Check each line below for "pose" and say how many have it, with no other words.

Dataset records

■ ■ ■ ■ ■ ■ ■

(* Let $S$ be a semigroup generated by a finite set $A$, and let $\eta$ be a congruence on $S$. Then the natural map $\phi:(S,d_A)\to(S/\eta,d_{A/\eta})$, $s\mapsto s/\eta$, is a quasi-isometry if and only if there is a finite bound on the $d_A$-diameters of the $\eta$-classes of $S$.
   Context: For a semigroup $T$ generated by a finite set $B$, $d_B(x,y)=\inf\{|w|:w\in B^*,\ xw=y\}$ ($B^*$ the free monoid on $B$, $\inf\emptyset=\infty$). Here $A/\eta=\{a/\eta:a\in A\}$, a finite generating set of $S/\eta$. The $d_A$-diameter of a set $C\subseteq S$ is $\sup_{x,y\in C}d_A(x,y)$. A map $f:(X,d)\to(X',d')$ is a quasi-isometry if there are $1\le\lambda<\infty$, $0<\epsilon<\infty$, $0\le\mu<\infty$ with $\frac1\lambda d(x,y)-\epsilon\le d'(f(x),f(y))\le\lambda d(x,y)+\epsilon$ for all $x,y$, and for every $x'\in X'$ some $x$ with $\max(d'(x',f(x)),d'(f(x),x'))\le\mu$. *)

From Stdlib Require Import Reals List ClassicalEpsilon.
From Coquelicot Require Import Coquelicot.
Import ListNotations.
Open Scope R_scope.

Section Defs.
Context {T : Type} (mul : T -> T -> T).

Definition act_word (x : T) (w : list T) : T := List.fold_left mul w x.

Definition word_over (B : list T) (w : list T) : Prop := List.Forall (fun b => In b B) w.

Definition generates (B : list T) : Prop :=
  forall s : T, exists a w, In a B /\ word_over B w /\ s = act_word a w.

(* d_B(x,y) = inf { |w| : w in B^*, x w = y }, with inf of the empty set = +oo *)
Definition word_dist (B : list T) (x y : T) : Rbar :=
  Glb_Rbar (fun r => exists w, word_over B w /\ act_word x w = y /\ r = INR (List.length w)).
End Defs.

Definition associative_op {S : Type} (mul : S -> S -> S) : Prop :=
  forall a b c, mul a (mul b c) = mul (mul a b) c.

Definition congruence {S : Type} (mul : S -> S -> S) (eta : S -> S -> Prop) : Prop :=
  (forall a, eta a a) /\ (forall a b, eta a b -> eta b a) /\
  (forall a b c, eta a b -> eta b c -> eta a c) /\
  (forall a b c, eta a b -> eta (mul c a) (mul c b) /\ eta (mul a c) (mul b c)).

Definition quot {S : Type} (eta : S -> S -> Prop) : Type :=
  {P : S -> Prop | exists s, P = eta s}.

Definition cls {S : Type} (eta : S -> S -> Prop) (s : S) : quot eta :=
  exist _ (eta s) (ex_intro _ s eq_refl).

Definition rep {S : Type} {eta : S -> S -> Prop} (P : quot eta) : S :=
  proj1_sig (constructive_indefinite_description _ (proj2_sig P)).

Definition qmul {S : Type} (mul : S -> S -> S) (eta : S -> S -> Prop)
  (P Q : quot eta) : quot eta := cls eta (mul (rep P) (rep Q)).

Definition qgens {S : Type} (eta : S -> S -> Prop) (A : list S) : list (quot eta) :=
  List.map (cls eta) A.

Definition quasi_isometry {X X' : Type} (d : X -> X -> Rbar) (d' : X' -> X' -> Rbar)
  (f : X -> X') : Prop :=
  exists lam eps mu : R, 1 <= lam /\ 0 < eps /\ 0 <= mu /\
    (forall x y : X,
       Rbar_le (Rbar_minus (Rbar_mult (/ lam) (d x y)) eps) (d' (f x) (f y)) /\
       Rbar_le (d' (f x) (f y)) (Rbar_plus (Rbar_mult lam (d x y)) eps)) /\
    (forall x' : X', exists x : X,
       Rbar_le (d' x' (f x)) mu /\ Rbar_le (d' (f x) x') mu).

Definition bounded_class_diameters {S : Type} (mul : S -> S -> S) (A : list S)
  (eta : S -> S -> Prop) : Prop :=
  exists K : R, forall x y : S, eta x y -> Rbar_le (word_dist mul A x y) K.

(* The quotient map is 1-Lipschitz, since a word over [A] maps to a word over [A/eta]
   of the same length, and it is surjective, so only the lower bound is at stake.
   If the eta-classes have diameter at most [K], a word from [x/eta] to [y/eta] lifts
   to a word from [x] to some [y' ~ y], which is completed to a word ending at [y] at
   a cost of less than [K + 1]; hence [d_A(x,y) <= d(x/eta, y/eta) + K + 1].
   Conversely, for [x ~ y] the images coincide, so the quasi-isometric lower bound
   gives [d_A(x,y) <= lam * eps]. *)
From Stdlib Require Import Reals List Lra Classical FunctionalExtensionality PropExtensionality ProofIrrelevance.
From Coquelicot Require Import Coquelicot.
Import ListNotations.
Open Scope R_scope.

Section WordDistance.
Context {T : Type} (mul : T -> T -> T) (B : list T).

Let words_between x y r :=
  exists w, word_over B w /\ act_word mul x w = y /\ r = INR (length w).

Lemma word_dist_le_length x w :
  word_over B w -> Rbar_le (word_dist mul B x (act_word mul x w)) (INR (length w)).
Proof.
  intros Hw. apply (proj1 (Glb_Rbar_correct (words_between x _))).
  exists w. auto.
Qed.

Lemma word_dist_refl_le0 x : Rbar_le (word_dist mul B x x) 0.
Proof. exact (word_dist_le_length x [] (Forall_nil _)). Qed.

Lemma word_dist_lower_bound x y (r : R) :
  (forall w, word_over B w -> act_word mul x w = y -> r <= INR (length w)) ->
  Rbar_le r (word_dist mul B x y).
Proof.
  intros Hr. apply (proj2 (Glb_Rbar_correct (words_between x y))).
  intros q [w [Hw [Hxy ->]]]. exact (Hr w Hw Hxy).
Qed.

Lemma word_dist_ge0 x y : Rbar_le 0 (word_dist mul B x y).
Proof. apply word_dist_lower_bound. intros w _ _. apply pos_INR. Qed.

Lemma word_dist_le_witness x y (K : R) :
  Rbar_le (word_dist mul B x y) K ->
  exists w, word_over B w /\ act_word mul x w = y /\ INR (length w) < K + 1.
Proof.
  intros HK. apply NNPP. intros Hno.
  assert (Hlow : Rbar_le (K + 1) (word_dist mul B x y)).
  { apply word_dist_lower_bound. intros w Hw Hxy.
    apply Rnot_lt_le. intros Hlt. apply Hno. eauto. }
  destruct (word_dist mul B x y); simpl in *; lra.
Qed.

End WordDistance.

Lemma word_dist_le_plus {T T' : Type} (m : T -> T -> T) (m' : T' -> T' -> T')
  (B : list T) (B' : list T') x y x' y' (c : R) :
  (forall v, word_over B' v -> act_word m' x' v = y' ->
     exists u, word_over B u /\ act_word m x u = y /\ INR (length u) <= INR (length v) + c) ->
  Rbar_le (word_dist m B x y) (Rbar_plus (word_dist m' B' x' y') c).
Proof.
  intros Hpaths.
  pose proof (word_dist_ge0 m' B' x' y') as Hd'0.
  destruct (word_dist m' B' x' y') as [r| |] eqn:Ed'; simpl in Hd'0 |- *;
    [| now destruct (word_dist m B x y) | contradiction].
  assert (Hr : Rbar_le (word_dist m' B' x' y') r) by (rewrite Ed'; simpl; lra).
  destruct (word_dist_le_witness m' B' x' y' r Hr) as [v [Hv [Hxy' _]]].
  destruct (Hpaths v Hv Hxy') as [u [Hu [Hxy _]]].
  pose proof (word_dist_ge0 m B x y) as Hd0.
  pose proof (word_dist_le_length m B x u Hu) as Hdu. rewrite Hxy in Hdu.
  destruct (word_dist m B x y) as [s| |] eqn:Ed; simpl in Hd0, Hdu |- *;
    try contradiction; auto.
  assert (Hlow : Rbar_le (s - c) (word_dist m' B' x' y')).
  { apply word_dist_lower_bound. intros w Hw Hxyw.
    destruct (Hpaths w Hw Hxyw) as [u' [Hu' [Hxy'' Hlen]]].
    pose proof (word_dist_le_length m B x u' Hu') as Hdu'.
    rewrite Hxy'', Ed in Hdu'. simpl in Hdu'. lra. }
  rewrite Ed' in Hlow. simpl in Hlow. lra.
Qed.

Section Quotient.
Context {S : Type} (mul : S -> S -> S) (eta : S -> S -> Prop).
Hypothesis eta_congruence : congruence mul eta.

Lemma quot_eq (P Q : quot eta) : proj1_sig P = proj1_sig Q -> P = Q.
Proof. destruct P, Q; simpl; intros ->; f_equal; apply proof_irrelevance. Qed.

Lemma cls_eq s t : eta s t -> cls eta s = cls eta t.
Proof.
  destruct eta_congruence as [_ [Hsym [Htrans _]]]. intros Hst. apply quot_eq; simpl.
  apply functional_extensionality; intros z; apply propositional_extensionality.
  split; eauto.
Qed.

Lemma eq_cls s t : cls eta s = cls eta t -> eta s t.
Proof.
  destruct eta_congruence as [Hrefl _]. intros Hst.
  apply (f_equal (@proj1_sig _ _)) in Hst. simpl in Hst. rewrite Hst. apply Hrefl.
Qed.

Lemma cls_rep (P : quot eta) : cls eta (rep P) = P.
Proof.
  apply quot_eq; simpl. unfold rep.
  destruct (ClassicalEpsilon.constructive_indefinite_description _ _); simpl; auto.
Qed.

Lemma qmul_cls s t : qmul mul eta (cls eta s) (cls eta t) = cls eta (mul s t).
Proof.
  destruct eta_congruence as [_ [_ [Htrans Hcompat]]].
  assert (Hrep : forall u, eta (rep (cls eta u)) u)
    by (intros u; apply eq_cls, cls_rep).
  unfold qmul. apply cls_eq.
  apply Htrans with (mul s (rep (cls eta t))).
  - exact (proj2 (Hcompat _ _ _ (Hrep s))).
  - exact (proj1 (Hcompat _ _ _ (Hrep t))).
Qed.

Lemma act_word_cls s u :
  act_word (qmul mul eta) (cls eta s) (map (cls eta) u) = cls eta (act_word mul s u).
Proof.
  unfold act_word. revert s; induction u as [|a u IH]; intros s; simpl; auto.
  rewrite qmul_cls. apply IH.
Qed.

Lemma word_over_qgens_map (A u : list S) :
  word_over A u -> word_over (qgens eta A) (map (cls eta) u).
Proof. induction 1; simpl; constructor; auto. apply in_map; auto. Qed.

Lemma word_over_qgens_lift (A : list S) v :
  word_over (qgens eta A) v -> exists u, word_over A u /\ map (cls eta) u = v.
Proof.
  induction 1 as [|b v Hb _ [u [Hu <-]]].
  - exists []. split; [constructor | reflexivity].
  - apply in_map_iff in Hb. destruct Hb as [a [<- Ha]].
    exists (a :: u). split; [constructor; auto | reflexivity].
Qed.

End Quotient.

Lemma Rbar_mult_1_l (x : Rbar) : Rbar_mult 1 x = x.
Proof.
  destruct x as [r| |].
  - simpl; f_equal; ring.
  - apply is_Rbar_mult_unique, is_Rbar_mult_sym, is_Rbar_mult_p_infty_pos. simpl; lra.
  - apply is_Rbar_mult_unique, is_Rbar_mult_sym, is_Rbar_mult_m_infty_pos. simpl; lra.
Qed.

Lemma Rbar_le_of_inv_mult_minus_le0 (lam eps : R) (d : Rbar) : 0 < lam ->
  Rbar_le (Rbar_minus (Rbar_mult (/ lam) d) eps) 0 -> Rbar_le d (lam * eps).
Proof.
  intros Hlam Hle. destruct d as [r| |]; [simpl in * | | exact I].
  - apply Rmult_le_reg_l with (/ lam); [now apply Rinv_0_lt_compat|].
    rewrite <- Rmult_assoc, Rinv_l, Rmult_1_l by lra. lra.
  - rewrite (is_Rbar_mult_unique _ _ _ (is_Rbar_mult_sym _ _ _
      (is_Rbar_mult_p_infty_pos (/ lam) (Rinv_0_lt_compat _ Hlam)))) in Hle.
    exact Hle.
Qed.

Section QuotientMetric.
Context {S : Type} (mul : S -> S -> S) (A : list S) (eta : S -> S -> Prop).
Hypothesis eta_congruence : congruence mul eta.

Notation d := (word_dist mul A).
Notation dq := (word_dist (qmul mul eta) (qgens eta A)).

Lemma word_dist_cls_le x y : Rbar_le (dq (cls eta x) (cls eta y)) (d x y).
Proof.
  rewrite <- (Rbar_plus_0_r (d x y)).
  apply word_dist_le_plus. intros u Hu Hxy.
  exists (map (cls eta) u). split; [now apply word_over_qgens_map|]. split.
  - now rewrite (act_word_cls mul eta eta_congruence), Hxy.
  - rewrite length_map. lra.
Qed.

(* A path [v] between the classes lifts to a path from [x] into the class of [y];
   finish it inside that class with a path of length less than [K + 1]. *)
Lemma word_dist_le_cls_plus (K : R) x y :
  (forall s t, eta s t -> Rbar_le (d s t) K) ->
  Rbar_le (d x y) (Rbar_plus (dq (cls eta x) (cls eta y)) (K + 1)).
Proof.
  intros HK. apply word_dist_le_plus. intros v Hv Hxy.
  destruct (word_over_qgens_lift eta A v Hv) as [u [Hu <-]].
  rewrite (act_word_cls mul eta eta_congruence) in Hxy.
  apply (eq_cls mul eta eta_congruence), HK in Hxy.
  destruct (word_dist_le_witness mul A _ _ K Hxy) as [w [Hw [Huw Hlen]]].
  exists (u ++ w). split; [now apply Forall_app|]. split.
  - unfold act_word in *. now rewrite fold_left_app.
  - rewrite length_app, plus_INR, length_map. lra.
Qed.

Lemma bounded_class_diameters_of_quasi_isometry :
  quasi_isometry d dq (cls eta) -> bounded_class_diameters mul A eta.
Proof.
  intros [lam [eps [_ [Hlam [_ [_ [Hdist _]]]]]]].
  exists (lam * eps). intros x y Hxy.
  apply Rbar_le_of_inv_mult_minus_le0; [lra|].
  eapply Rbar_le_trans; [apply (Hdist x y)|].
  rewrite <- (cls_eq mul eta eta_congruence x y Hxy).
  apply word_dist_refl_le0.
Qed.

Lemma bounded_class_diameters_nonneg :
  bounded_class_diameters mul A eta ->
  exists K, 0 <= K /\ forall x y, eta x y -> Rbar_le (d x y) K.
Proof.
  intros [K HK]. exists (Rmax K 0). split; [apply Rmax_r|].
  intros x y Hxy. eapply Rbar_le_trans; [apply HK, Hxy | apply Rmax_l].
Qed.

Lemma quasi_isometry_of_bounded_class_diameters :
  bounded_class_diameters mul A eta -> quasi_isometry d dq (cls eta).
Proof.
  intros Hbdd. destruct (bounded_class_diameters_nonneg Hbdd) as [K [HK0 HK]].
  exists 1, (K + 1), 0. repeat split; try lra.
  - rewrite Rinv_1, Rbar_mult_1_l.
    pose proof (word_dist_le_cls_plus K x y HK) as Hle.
    pose proof (word_dist_ge0 (qmul mul eta) (qgens eta A) (cls eta x) (cls eta y)).
    destruct (d x y), (dq (cls eta x) (cls eta y)); simpl in *; auto; lra.
  - rewrite Rbar_mult_1_l.
    eapply Rbar_le_trans; [apply word_dist_cls_le|].
    pose proof (word_dist_ge0 mul A x y).
    destruct (d x y); simpl in *; auto; lra.
  - intros P. exists (rep P). rewrite (cls_rep eta). split; apply word_dist_refl_le0.
Qed.

End QuotientMetric.

Theorem proposition8p3 (S : Type) (mul : S -> S -> S) (A : list S)
  (eta : S -> S -> Prop) :
  associative_op mul -> generates mul A -> congruence mul eta ->
  (quasi_isometry (word_dist mul A) (word_dist (qmul mul eta) (qgens eta A)) (cls eta)
   <-> bounded_class_diameters mul A eta).
Proof.
  intros _ _ Heta. split.
  - exact (bounded_class_diameters_of_quasi_isometry mul A eta Heta).
  - exact (quasi_isometry_of_bounded_class_diameters mul A eta Heta).
Qed.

■ ■ ■ ■ ■ ■ ■

TASK RESPONSE:
7